Naturellement, vous avez autre chose à faire que de créer un spreadsheet dans lequel vous allez copier de 20 à 30 URL de fichiers que vous avez partagés. C’est pour cette raison qu’il convient d’automatiser un peu les choses. Pour cela, il vous faut l’application Google Classroom qui vous permet d’envoyer et partager autant de spreadsheets que d’élèves.

En choisissant l’option « Make a copy for each student », chaque élève reçoit un spreadsheet à son nom. Vous n’aurez plus ensuite qu’à utiliser dans Google Chrome une charmante extension de Google Sheets qui vous permettra d’aller chercher automatiquement toutes les informations dont vous avez besoin : noms et prénoms et URL des fichiers partagés. Cette extension est Files Cabinet.

Tout cela est un peu obscur ? Dites-le-moi dans les commentaires. Éventuellement, si besoin est, je ferai un tutoriel complet en vidéo, car il y a pas mal de manipulations à effectuer pour arriver au résultat voulu.

Conclusion

J’ai donc là deux moyens de différencier l’enseignement de l’orthographe et de la grammaire. Dans les deux cas, les exercices sont déclinés en plusieurs versions correspondant à des niveaux différents désignés sous l’appellation de piste, métaphore sportive que nombre de collègues ont adoptée au lycée.

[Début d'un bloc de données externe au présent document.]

(* Let $(X,f)$, $(Y,g)$ be dynamical systems, $\pi\colon(X,f)\to(Y,g)$ a factor map such that $\pi^{-1}(y)$ is at most countable for every $y\in Y$, and let $z_1,z_2\in X$ with $\pi(z_1)\ne\pi(z_2)$. Let $\varepsilon=d(\pi(z_1),\pi(z_2))/3$ and let $\delta>0$ be such that $d(a,b)<\delta$ implies $d(\pi(a),\pi(b))<\varepsilon$ for $a,b\in X$. Suppose $S\subset X$ is a dense Mycielski syndetically scrambled set for $f$ such that for any two distinct $x_1,x_2\in S$ there is an infinite set $M\subset\mathbb N$ with $d(z_i,f^n(x_i))<\delta$ for $i=1,2$ and all $n\in M$. Then $g$ has a dense Mycielski syndetically $\varepsilon$-scrambled set $T\subset\pi(S)$. Moreover, if $f^k(S)\subset S$ for some $k\in\mathbb N$, then $T$ may be chosen with $g^k(T)\subset T$.
   Context: Dynamical system: compact metric space with continuous self-map. Factor map: continuous surjection $\pi$ with $\pi\circ f=g\circ\pi$. Syndetic: subset of $\mathbb N$ meeting every set with arbitrarily long runs of consecutive integers. $\mathrm{Asy}$ and $\mathrm{SProx}$: pairs with $d(f^nx,f^ny)\to0$, resp. with $\{n:d(f^nx,f^ny)<\eta\}$ syndetic for all $\eta>0$. A set with at least two points is syndetically scrambled if all distinct pairs lie in $\mathrm{SProx}\setminus\mathrm{Asy}$; syndetically $\varepsilon$-scrambled if moreover $\limsup_n d(g^nx,g^ny)\ge\varepsilon$ for all distinct pairs. Mycielski set: countable union of Cantor sets. *)

From Stdlib Require Import Reals.
Open Scope R_scope.

Definition is_metric {X : Type} (d : X -> X -> R) : Prop :=
  (forall x y, 0 <= d x y) /\
  (forall x y, d x y = 0 <-> x = y) /\
  (forall x y, d x y = d y x) /\
  (forall x y z, d x z <= d x y + d y z).

Definition open_set {X : Type} (d : X -> X -> R) (U : X -> Prop) : Prop :=
  forall x, U x -> exists r, 0 < r /\ forall y, d x y < r -> U y.

Definition compact_space {X : Type} (d : X -> X -> R) : Prop :=
  forall (I : Type) (U : I -> X -> Prop),
    (forall i, open_set d (U i)) -> (forall x, exists i, U i x) ->
    exists l : list I, forall x, exists i, List.In i l /\ U i x.

Definition compact_metric_space {X : Type} (d : X -> X -> R) : Prop :=
  is_metric d /\ compact_space d.

Definition continuous_map {X Y : Type} (dX : X -> X -> R) (dY : Y -> Y -> R)
  (h : X -> Y) : Prop :=
  forall x eps, 0 < eps -> exists del, 0 < del /\
    forall x', dX x x' < del -> dY (h x) (h x') < eps.

Definition dynamical_system {X : Type} (d : X -> X -> R) (f : X -> X) : Prop :=
  compact_metric_space d /\ continuous_map d d f.
(* In the setup below, every element $R(i;j,k\,|\,l;m,n)$ (with $i\neq l$) and every element $T(i,j\,|\,k,l\,|\,m,n)$ (with $i,k,m$ pairwise distinct) lies in $K_2^T(C)$.
   Context: Let $K$ be a field, $N\ge2$, $N_1,\dots,N_N\ge1$. For $1\le i\le N$, $1\le j\le N_i$ let $L_{i,j}=a_ix+b_iy+c_{i,j}$ with $a_i,b_i,c_{i,j}\in K$, $(a_i,b_i)\ne(0,0)$, such that the affine lines $L_{i,j}=0$ are pairwise distinct and $[i,k]:=a_ib_k-a_kb_i\neq0$ for $i\neq k$. For $\lambda\in K^*$ put $f(x,y)=\lambda\prod_{i,j}L_{i,j}-1$; the affine curve $f=0$ is irreducible. Let $C'\subset\mathbb P^2_K$ be its projective closure, $C$ the normalisation of $C'$ (a regular proper irreducible curve), and $F$ its function field; the $L_{i,j}$ are regarded as elements of $F^*$. $K_2(F)$ is the abelian group generated by symbols $\{a,b\}$, $a,b\in F^*$, with relations $\{a_1a_2,b\}=\{a_1,b\}+\{a_2,b\}$, $\{a,b_1b_2\}=\{a,b_1\}+\{a,b_2\}$, $\{a,1-a\}=0$ for $a\neq0,1$. For a closed point $x$ of $C$ with residue field $k(x)$, the tame symbol is $T_x(\{a,b\})=(-1)^{\mathrm{ord}_x(a)\mathrm{ord}_x(b)}\bigl(a^{\mathrm{ord}_x(b)}/b^{\mathrm{ord}_x(a)}\bigr)(x)\in k(x)^*$, and $K_2^T(C)$ is the kernel of $\bigoplus_x T_x:K_2(F)\to\bigoplus_x k(x)^*$. Define $R(i;j,k\,|\,l;m,n)=\{L_{i,j}/L_{i,k},\,L_{l,m}/L_{l,n}\}$ for $i\ne l$, and $T(i,j\,|\,k,l\,|\,m,n)=\Bigl\{\frac{[i,m]}{[k,m]}\frac{L_{k,l}}{L_{i,j}},\,\frac{[i,k]}{[m,k]}\frac{L_{m,n}}{L_{i,j}}\Bigr\}$ for $i,k,m$ pairwise distinct (second indices in the appropriate ranges). *)

From HB Require Import structures.
From mathcomp Require Import all_boot all_order all_algebra.
Set Implicit Arguments. Unset Strict Implicit. Unset Printing Implicit Defensive.
Import Order.TTheory GRing.Theory Num.Theory.
Local Open Scope ring_scope.

(* Polynomials in two variables over K: {poly {poly K}}; the inner variable is
   X = ('X : {poly K})%:P, the outer variable is Y = 'X. *)
Definition polyX2 (K : fieldType) : {poly {poly K}} := ('X : {poly K})%:P.
Definition polyY2 (K : fieldType) : {poly {poly K}} := 'X.
Definition polyC2 (K : fieldType) (c : K) : {poly {poly K}} := c%:P%:P.

Definition ev2 (K : fieldType) (F : fieldType) (iota : {rmorphism K -> F})
  (x y : F) (p : {poly {poly K}}) : F :=
  (map_poly (fun q : {poly K} => (map_poly iota q).[x]) p).[y].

Dans les deux cas, cette façon de travailler fait la part belle à l’autonomie. Et de fait, j’invite souvent les élèves à chercher par eux-mêmes les solutions à leur problème. Par exemple, en ce qui concerne les dictées, de nombreuses erreurs peuvent être corrigées avec un Bescherelle ou un dictionnaire comme celui de l’Académie française qui permet de faire une recherche phonétique. Cela veut dire qu’un élève qui n’a pas la moindre idée de l’orthographe d’un mot peut quand même le trouver tout seul.

Par ailleurs, vous n’avez probablement pas le temps de produire un manuel de grammaire au format ePub ou des vidéos sur YouTube, mais rien ne vous empêche de construire votre progression à partir des ressources que vous pouvez glaner sur le web.

Comme j’ai pu le constater avec les dictées, ce système est perfectible et je suis impatient de voir où en seront les choses dans quelques années. J’aimerais aussi étendre cette façon de faire à d’autres types de travaux : rédaction, commentaire composé, lecture analytique, etc.

Si vous avez des idées, je suis preneur !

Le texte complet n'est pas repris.